**PROBLEM**
Please return, with no alterations, the lines below from the very first through the one that contains "have ci : (tab_col m < nth 0 la i)%N.".

(Stored data entries)
++++
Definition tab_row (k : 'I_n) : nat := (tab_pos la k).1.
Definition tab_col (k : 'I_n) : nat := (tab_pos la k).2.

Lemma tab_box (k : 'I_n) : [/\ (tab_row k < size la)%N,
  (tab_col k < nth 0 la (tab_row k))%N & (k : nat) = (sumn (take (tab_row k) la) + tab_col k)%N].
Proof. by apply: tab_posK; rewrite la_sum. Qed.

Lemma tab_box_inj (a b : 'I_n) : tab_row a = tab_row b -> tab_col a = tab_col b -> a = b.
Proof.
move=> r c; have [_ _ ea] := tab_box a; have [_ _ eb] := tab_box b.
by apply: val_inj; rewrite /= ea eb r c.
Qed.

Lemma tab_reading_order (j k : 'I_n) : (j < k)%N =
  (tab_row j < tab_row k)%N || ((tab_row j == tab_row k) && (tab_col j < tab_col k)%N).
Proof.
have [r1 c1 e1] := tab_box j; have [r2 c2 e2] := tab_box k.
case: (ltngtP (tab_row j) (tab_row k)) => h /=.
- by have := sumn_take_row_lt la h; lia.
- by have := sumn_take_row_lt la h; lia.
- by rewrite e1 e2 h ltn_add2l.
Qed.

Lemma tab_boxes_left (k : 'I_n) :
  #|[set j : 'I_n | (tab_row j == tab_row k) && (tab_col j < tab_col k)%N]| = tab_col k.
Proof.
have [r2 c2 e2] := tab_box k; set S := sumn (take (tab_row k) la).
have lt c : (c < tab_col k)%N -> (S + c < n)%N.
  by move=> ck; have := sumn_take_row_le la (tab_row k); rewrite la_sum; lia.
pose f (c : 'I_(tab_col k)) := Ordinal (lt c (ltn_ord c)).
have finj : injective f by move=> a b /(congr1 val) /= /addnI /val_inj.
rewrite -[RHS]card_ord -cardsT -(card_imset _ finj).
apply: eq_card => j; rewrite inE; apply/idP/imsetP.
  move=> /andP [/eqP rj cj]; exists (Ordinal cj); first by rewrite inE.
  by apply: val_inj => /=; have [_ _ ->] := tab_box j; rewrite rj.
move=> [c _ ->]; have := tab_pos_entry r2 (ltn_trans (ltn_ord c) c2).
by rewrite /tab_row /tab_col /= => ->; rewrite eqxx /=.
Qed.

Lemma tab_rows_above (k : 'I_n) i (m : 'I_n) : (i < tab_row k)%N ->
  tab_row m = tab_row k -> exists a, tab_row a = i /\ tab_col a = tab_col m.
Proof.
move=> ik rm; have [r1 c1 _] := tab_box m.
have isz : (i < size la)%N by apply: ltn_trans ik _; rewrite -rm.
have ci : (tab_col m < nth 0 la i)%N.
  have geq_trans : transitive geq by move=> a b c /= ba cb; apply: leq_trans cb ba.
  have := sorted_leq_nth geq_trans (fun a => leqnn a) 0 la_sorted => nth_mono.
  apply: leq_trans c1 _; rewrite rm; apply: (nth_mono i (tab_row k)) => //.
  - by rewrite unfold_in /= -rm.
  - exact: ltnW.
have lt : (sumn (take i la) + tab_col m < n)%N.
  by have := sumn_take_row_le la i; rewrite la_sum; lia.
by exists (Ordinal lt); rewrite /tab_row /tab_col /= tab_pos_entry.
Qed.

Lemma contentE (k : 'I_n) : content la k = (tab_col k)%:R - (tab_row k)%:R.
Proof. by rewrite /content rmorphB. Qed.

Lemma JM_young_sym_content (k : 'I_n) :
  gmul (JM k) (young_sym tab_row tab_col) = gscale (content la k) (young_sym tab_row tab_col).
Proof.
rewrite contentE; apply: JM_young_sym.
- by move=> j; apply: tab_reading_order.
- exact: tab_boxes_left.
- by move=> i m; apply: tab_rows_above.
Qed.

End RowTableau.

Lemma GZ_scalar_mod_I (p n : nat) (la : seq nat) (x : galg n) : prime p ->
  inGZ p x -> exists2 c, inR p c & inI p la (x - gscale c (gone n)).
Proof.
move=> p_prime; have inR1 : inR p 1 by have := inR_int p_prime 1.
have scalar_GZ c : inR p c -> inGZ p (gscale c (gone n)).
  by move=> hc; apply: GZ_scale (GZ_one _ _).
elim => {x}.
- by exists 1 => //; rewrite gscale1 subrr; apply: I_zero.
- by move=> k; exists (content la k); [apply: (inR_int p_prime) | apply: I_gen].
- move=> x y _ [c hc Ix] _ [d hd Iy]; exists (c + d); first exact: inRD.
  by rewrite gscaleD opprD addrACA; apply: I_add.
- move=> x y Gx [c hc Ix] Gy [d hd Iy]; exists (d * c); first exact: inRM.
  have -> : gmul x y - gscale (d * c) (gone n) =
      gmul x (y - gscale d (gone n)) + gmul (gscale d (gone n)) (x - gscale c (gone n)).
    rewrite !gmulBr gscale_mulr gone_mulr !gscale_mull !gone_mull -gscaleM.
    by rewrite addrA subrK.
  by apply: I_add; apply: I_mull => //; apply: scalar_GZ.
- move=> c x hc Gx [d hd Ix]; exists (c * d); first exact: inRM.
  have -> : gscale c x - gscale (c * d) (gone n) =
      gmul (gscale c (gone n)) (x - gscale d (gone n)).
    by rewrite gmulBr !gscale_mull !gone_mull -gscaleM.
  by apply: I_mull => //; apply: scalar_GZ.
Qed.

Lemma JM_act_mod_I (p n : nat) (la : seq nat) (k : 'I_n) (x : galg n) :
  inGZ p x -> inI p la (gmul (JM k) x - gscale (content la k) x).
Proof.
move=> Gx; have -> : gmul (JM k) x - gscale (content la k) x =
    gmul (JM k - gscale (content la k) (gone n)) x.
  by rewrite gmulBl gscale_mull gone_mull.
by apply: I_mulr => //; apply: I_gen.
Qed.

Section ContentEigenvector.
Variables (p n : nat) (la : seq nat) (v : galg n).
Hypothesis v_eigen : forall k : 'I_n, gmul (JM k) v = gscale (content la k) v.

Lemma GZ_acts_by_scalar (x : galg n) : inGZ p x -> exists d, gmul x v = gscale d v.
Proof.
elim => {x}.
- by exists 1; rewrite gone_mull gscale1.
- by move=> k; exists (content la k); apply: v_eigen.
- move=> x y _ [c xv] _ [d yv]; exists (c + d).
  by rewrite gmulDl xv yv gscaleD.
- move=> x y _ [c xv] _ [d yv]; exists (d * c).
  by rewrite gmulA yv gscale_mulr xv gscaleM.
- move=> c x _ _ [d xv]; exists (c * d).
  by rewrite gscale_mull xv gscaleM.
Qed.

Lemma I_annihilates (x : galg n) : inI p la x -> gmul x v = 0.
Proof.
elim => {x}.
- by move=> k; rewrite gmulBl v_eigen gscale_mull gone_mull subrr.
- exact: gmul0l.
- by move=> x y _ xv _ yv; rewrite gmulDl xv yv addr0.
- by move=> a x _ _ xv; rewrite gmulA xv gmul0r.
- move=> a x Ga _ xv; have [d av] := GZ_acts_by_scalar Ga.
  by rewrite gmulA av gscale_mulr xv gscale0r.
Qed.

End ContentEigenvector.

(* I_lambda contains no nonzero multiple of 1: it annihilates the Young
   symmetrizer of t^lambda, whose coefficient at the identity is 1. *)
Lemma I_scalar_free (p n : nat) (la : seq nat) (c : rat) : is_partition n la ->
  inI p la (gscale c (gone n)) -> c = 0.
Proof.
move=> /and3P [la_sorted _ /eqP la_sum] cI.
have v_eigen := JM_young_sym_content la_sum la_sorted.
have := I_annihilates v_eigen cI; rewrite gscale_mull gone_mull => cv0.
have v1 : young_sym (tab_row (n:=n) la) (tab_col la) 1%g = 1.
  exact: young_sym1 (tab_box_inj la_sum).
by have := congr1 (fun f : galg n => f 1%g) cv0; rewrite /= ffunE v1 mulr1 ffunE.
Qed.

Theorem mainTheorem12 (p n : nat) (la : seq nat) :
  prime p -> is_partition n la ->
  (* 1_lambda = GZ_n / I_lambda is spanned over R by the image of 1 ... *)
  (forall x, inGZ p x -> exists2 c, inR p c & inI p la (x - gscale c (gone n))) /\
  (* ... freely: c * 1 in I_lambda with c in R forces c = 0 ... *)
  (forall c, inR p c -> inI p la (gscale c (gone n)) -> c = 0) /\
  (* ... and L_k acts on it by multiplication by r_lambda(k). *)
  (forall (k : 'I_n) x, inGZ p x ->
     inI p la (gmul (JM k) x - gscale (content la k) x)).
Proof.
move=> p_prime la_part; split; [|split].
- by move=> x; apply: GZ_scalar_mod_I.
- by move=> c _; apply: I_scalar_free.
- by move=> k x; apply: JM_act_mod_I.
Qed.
++++
**SOLUTION FOR THIS EXERCISE**
Definition tab_row (k : 'I_n) : nat := (tab_pos la k).1.
Definition tab_col (k : 'I_n) : nat := (tab_pos la k).2.

Lemma tab_box (k : 'I_n) : [/\ (tab_row k < size la)%N,
  (tab_col k < nth 0 la (tab_row k))%N & (k : nat) = (sumn (take (tab_row k) la) + tab_col k)%N].
Proof. by apply: tab_posK; rewrite la_sum. Qed.

Lemma tab_box_inj (a b : 'I_n) : tab_row a = tab_row b -> tab_col a = tab_col b -> a = b.
Proof.
move=> r c; have [_ _ ea] := tab_box a; have [_ _ eb] := tab_box b.
by apply: val_inj; rewrite /= ea eb r c.
Qed.

Lemma tab_reading_order (j k : 'I_n) : (j < k)%N =
  (tab_row j < tab_row k)%N || ((tab_row j == tab_row k) && (tab_col j < tab_col k)%N).
Proof.
have [r1 c1 e1] := tab_box j; have [r2 c2 e2] := tab_box k.
case: (ltngtP (tab_row j) (tab_row k)) => h /=.
- by have := sumn_take_row_lt la h; lia.
- by have := sumn_take_row_lt la h; lia.
- by rewrite e1 e2 h ltn_add2l.
Qed.

Lemma tab_boxes_left (k : 'I_n) :
  #|[set j : 'I_n | (tab_row j == tab_row k) && (tab_col j < tab_col k)%N]| = tab_col k.
Proof.
have [r2 c2 e2] := tab_box k; set S := sumn (take (tab_row k) la).
have lt c : (c < tab_col k)%N -> (S + c < n)%N.
  by move=> ck; have := sumn_take_row_le la (tab_row k); rewrite la_sum; lia.
pose f (c : 'I_(tab_col k)) := Ordinal (lt c (ltn_ord c)).
have finj : injective f by move=> a b /(congr1 val) /= /addnI /val_inj.
rewrite -[RHS]card_ord -cardsT -(card_imset _ finj).
apply: eq_card => j; rewrite inE; apply/idP/imsetP.
  move=> /andP [/eqP rj cj]; exists (Ordinal cj); first by rewrite inE.
  by apply: val_inj => /=; have [_ _ ->] := tab_box j; rewrite rj.
move=> [c _ ->]; have := tab_pos_entry r2 (ltn_trans (ltn_ord c) c2).
by rewrite /tab_row /tab_col /= => ->; rewrite eqxx /=.
Qed.

Lemma tab_rows_above (k : 'I_n) i (m : 'I_n) : (i < tab_row k)%N ->
  tab_row m = tab_row k -> exists a, tab_row a = i /\ tab_col a = tab_col m.
Proof.
move=> ik rm; have [r1 c1 _] := tab_box m.
have isz : (i < size la)%N by apply: ltn_trans ik _; rewrite -rm.
have ci : (tab_col m < nth 0 la i)%N.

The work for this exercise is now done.